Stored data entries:

(* For $n>2$, the homomorphism $\iota\colon G_n^2\to G_{n,\mathcal{P}}^2$ defined by $\iota(a_{ij})=a_{ij}^0$ is a monomorphism.
   Context: $G_n^2$ is the group with generators $a_{ij}=a_{\{i,j\}}$ for $2$-element subsets $\{i,j\}\subset\{1,\dots,n\}$ and relations $a_{ij}^2=1$; $a_{ij}a_{kl}=a_{kl}a_{ij}$ for distinct $i,j,k,l$; $a_{ij}a_{ik}a_{jk}=a_{jk}a_{ik}a_{ij}$ for distinct $i,j,k$. The group $G_{n,\mathcal{P}}^2$ ($G_n^2$ with parity) has generators $a_{ij}^{\epsilon}=a_{\{i,j\}}^{\epsilon}$ for $2$-element subsets $\{i,j\}$ and $\epsilon\in\{0,1\}$, with relations $(a_{ij}^\epsilon)^2=1$; $a_{ij}^{\epsilon}a_{kl}^{\epsilon'}=a_{kl}^{\epsilon'}a_{ij}^{\epsilon}$ for $\{i,j\}\cap\{k,l\}=\emptyset$ and all $\epsilon,\epsilon'$; and $a_{ij}^{\epsilon_{ij}}a_{ik}^{\epsilon_{ik}}a_{jk}^{\epsilon_{jk}}=a_{jk}^{\epsilon_{jk}}a_{ik}^{\epsilon_{ik}}a_{ij}^{\epsilon_{ij}}$ for distinct $i,j,k$ whenever $\epsilon_{ij}+\epsilon_{ik}+\epsilon_{jk}\equiv 0\pmod 2$. *)

From mathcomp Require Import all_boot.
Set Implicit Arguments. Unset Strict Implicit. Unset Printing Implicit Defensive.

(* A letter (x, b): b = false means x, b = true means x^{-1}. *)
Definition letter (T : Type) := (T * bool)%type.
Definition word (T : Type) := seq (letter T).
Definition posw (T : Type) (u : seq T) : word T := [seq (x, false) | x <- u].

(* Equality in the group < T | u = v for R u v >. *)
Inductive pres_eq (T : Type) (R : seq T -> seq T -> Prop) : word T -> word T -> Prop :=
| pe_rel u v : R u v -> pres_eq R (posw u) (posw v)
| pe_cancel1 x : pres_eq R [:: (x, false); (x, true)] [::]
| pe_cancel2 x : pres_eq R [:: (x, true); (x, false)] [::]
| pe_refl u : pres_eq R u u
| pe_sym u v : pres_eq R u v -> pres_eq R v u
| pe_trans u v w : pres_eq R u v -> pres_eq R v w -> pres_eq R u w
| pe_cat u u' v v' : pres_eq R u u' -> pres_eq R v v' -> pres_eq R (u ++ v) (u' ++ v').

(* Generators a_{ij}: 2-element subsets of {1..n}, modelled as 'I_n. *)
Definition gen (n : nat) := {A : {set 'I_n} | #|A| == 2}.

Definition G2_rel (n : nat) (u v : seq (gen n)) : Prop :=
  (exists x : gen n, u = [:: x; x] /\ v = [::])
  \/ (exists x y : gen n, [disjoint val x & val y] /\ u = [:: x; y] /\ v = [:: y; x])
  \/ (exists (i j k : 'I_n) (x y z : gen n),
        [/\ i != j, i != k & j != k] /\
        [/\ val x = [set i; j], val y = [set i; k] & val z = [set j; k]] /\
        u = [:: x; y; z] /\ v = [:: z; y; x]).

(* Defining relations of G_{n,P}^2; generators a_{ij}^eps, eps : bool (false = 0). *)
Definition G2P_rel (n : nat) (u v : seq (gen n * bool)) : Prop :=
  (exists x : gen n * bool, u = [:: x; x] /\ v = [::])
  \/ (exists x y : gen n * bool,
        [disjoint val x.1 & val y.1] /\ u = [:: x; y] /\ v = [:: y; x])
  \/ (exists (i j k : 'I_n) (x y z : gen n) (eij eik ejk : bool),
        [/\ i != j, i != k & j != k] /\
        [/\ val x = [set i; j], val y = [set i; k] & val z = [set j; k]] /\
        addb eij (addb eik ejk) = false /\
        u = [:: (x, eij); (y, eik); (z, ejk)] /\
        v = [:: (z, ejk); (y, eik); (x, eij)]).

Definition G2_eq (n : nat) := pres_eq (@G2_rel n).
Definition G2P_eq (n : nat) := pres_eq (@G2P_rel n).

Definition iota_word (n : nat) (w : word (gen n)) : word (gen n * bool) :=
  [seq ((l.1, false), l.2) | l <- w].

(* Erasing the parity, a_{ij}^eps |-> a_{ij}, sends every defining relation of
   G_{n,P}^2 to a defining relation of G_n^2, so it induces a homomorphism
   G_{n,P}^2 -> G_n^2; it is a left inverse of iota, hence iota is injective.
   The argument works for every n. *)
From mathcomp Require Import all_boot.

Definition mapw (T T' : Type) (g : T -> T') (w : word T) : word T' :=
  [seq (g l.1, l.2) | l <- w].
Arguments mapw {T T'} g w.

Lemma mapw_posw (T T' : Type) (g : T -> T') (s : seq T) :
  mapw g (posw s) = posw (map g s).
Proof. by elim: s => //= x s ->. Qed.

Lemma pres_eq_mapw (T T' : Type) (g : T -> T') (R : seq T -> seq T -> Prop)
    (R' : seq T' -> seq T' -> Prop) :
    (forall u v, R u v -> R' (map g u) (map g v)) ->
  forall u v, pres_eq R u v -> pres_eq R' (mapw g u) (mapw g v).
Proof.
move=> gR u v; elim=> {u v}.
- by move=> u v /gR; rewrite !mapw_posw; apply: pe_rel.
- by move=> x; apply: pe_cancel1.
- by move=> x; apply: pe_cancel2.
- by move=> u; apply: pe_refl.
- by move=> u v _; apply: pe_sym.
- by move=> u v w _ + _; apply: pe_trans.
- by move=> u u' v v' _ + _; rewrite /mapw !map_cat; apply: pe_cat.
Qed.

Section ParityErasure.

Variable n : nat.

Definition erase_parity (w : word (gen n * bool)) : word (gen n) := mapw fst w.

Lemma erase_parityK : cancel (@iota_word n) erase_parity.
Proof. by elim=> //= -[x b] w ->. Qed.

Lemma G2_rel_iota (u v : seq (gen n)) :
  G2_rel u v -> G2P_rel [seq (x, false) | x <- u] [seq (x, false) | x <- v].
Proof.
case=> [[x [-> ->]] | [[x [y [xy [-> ->]]]] | [i [j [k [x [y [z [ijk [xyz [-> ->]]]]]]]]]]].
- by left; exists (x, false).
- by right; left; exists (x, false), (y, false).
- by right; right; exists i, j, k, x, y, z, false, false, false.
Qed.

Lemma G2P_rel_erase (u v : seq (gen n * bool)) :
  G2P_rel u v -> G2_rel (map fst u) (map fst v).
Proof.
case=> [[x [-> ->]] | [[x [y [xy [-> ->]]]] |
        [i [j [k [x [y [z [e1 [e2 [e3 [ijk [xyz [_ [-> ->]]]]]]]]]]]]]]].
- by left; exists x.1.
- by right; left; exists x.1, y.1.
- by right; right; exists i, j, k, x, y, z.
Qed.

Lemma G2_eq_iota (u v : word (gen n)) :
  G2_eq u v -> G2P_eq (iota_word u) (iota_word v).
Proof. exact: pres_eq_mapw G2_rel_iota u v. Qed.

Lemma G2P_eq_erase (u v : word (gen n * bool)) :
  G2P_eq u v -> G2_eq (erase_parity u) (erase_parity v).
Proof. exact: pres_eq_mapw G2P_rel_erase u v. Qed.

End ParityErasure.

Theorem mainTheorem3 (n : nat) (hn : 2 < n) :
  (forall u v : word (gen n), G2_eq u v -> G2P_eq (iota_word u) (iota_word v)) /\
  (forall u v : word (gen n), G2P_eq (iota_word u) (iota_word v) -> G2_eq u v).
Proof.
split=> [|u v]; first exact: G2_eq_iota.
by move/G2P_eq_erase; rewrite !erase_parityK.
Qed.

YOUR TASK: Word for word, restate the lines of the data above that fall between the line holding "Definition G2_eq (n" and the line holding "Variable n : nat.", inclusive, and no other lines.

RESPONSE TO THE TASK:
Definition G2_eq (n : nat) := pres_eq (@G2_rel n).
Definition G2P_eq (n : nat) := pres_eq (@G2P_rel n).

Definition iota_word (n : nat) (w : word (gen n)) : word (gen n * bool) :=
  [seq ((l.1, false), l.2) | l <- w].

(* Erasing the parity, a_{ij}^eps |-> a_{ij}, sends every defining relation of
   G_{n,P}^2 to a defining relation of G_n^2, so it induces a homomorphism
   G_{n,P}^2 -> G_n^2; it is a left inverse of iota, hence iota is injective.
   The argument works for every n. *)
From mathcomp Require Import all_boot.

Definition mapw (T T' : Type) (g : T -> T') (w : word T) : word T' :=
  [seq (g l.1, l.2) | l <- w].
Arguments mapw {T T'} g w.

Lemma mapw_posw (T T' : Type) (g : T -> T') (s : seq T) :
  mapw g (posw s) = posw (map g s).
Proof. by elim: s => //= x s ->. Qed.

Lemma pres_eq_mapw (T T' : Type) (g : T -> T') (R : seq T -> seq T -> Prop)
    (R' : seq T' -> seq T' -> Prop) :
    (forall u v, R u v -> R' (map g u) (map g v)) ->
  forall u v, pres_eq R u v -> pres_eq R' (mapw g u) (mapw g v).
Proof.
move=> gR u v; elim=> {u v}.
- by move=> u v /gR; rewrite !mapw_posw; apply: pe_rel.
- by move=> x; apply: pe_cancel1.
- by move=> x; apply: pe_cancel2.
- by move=> u; apply: pe_refl.
- by move=> u v _; apply: pe_sym.
- by move=> u v w _ + _; apply: pe_trans.
- by move=> u u' v v' _ + _; rewrite /mapw !map_cat; apply: pe_cat.
Qed.

Section ParityErasure.

Variable n : nat.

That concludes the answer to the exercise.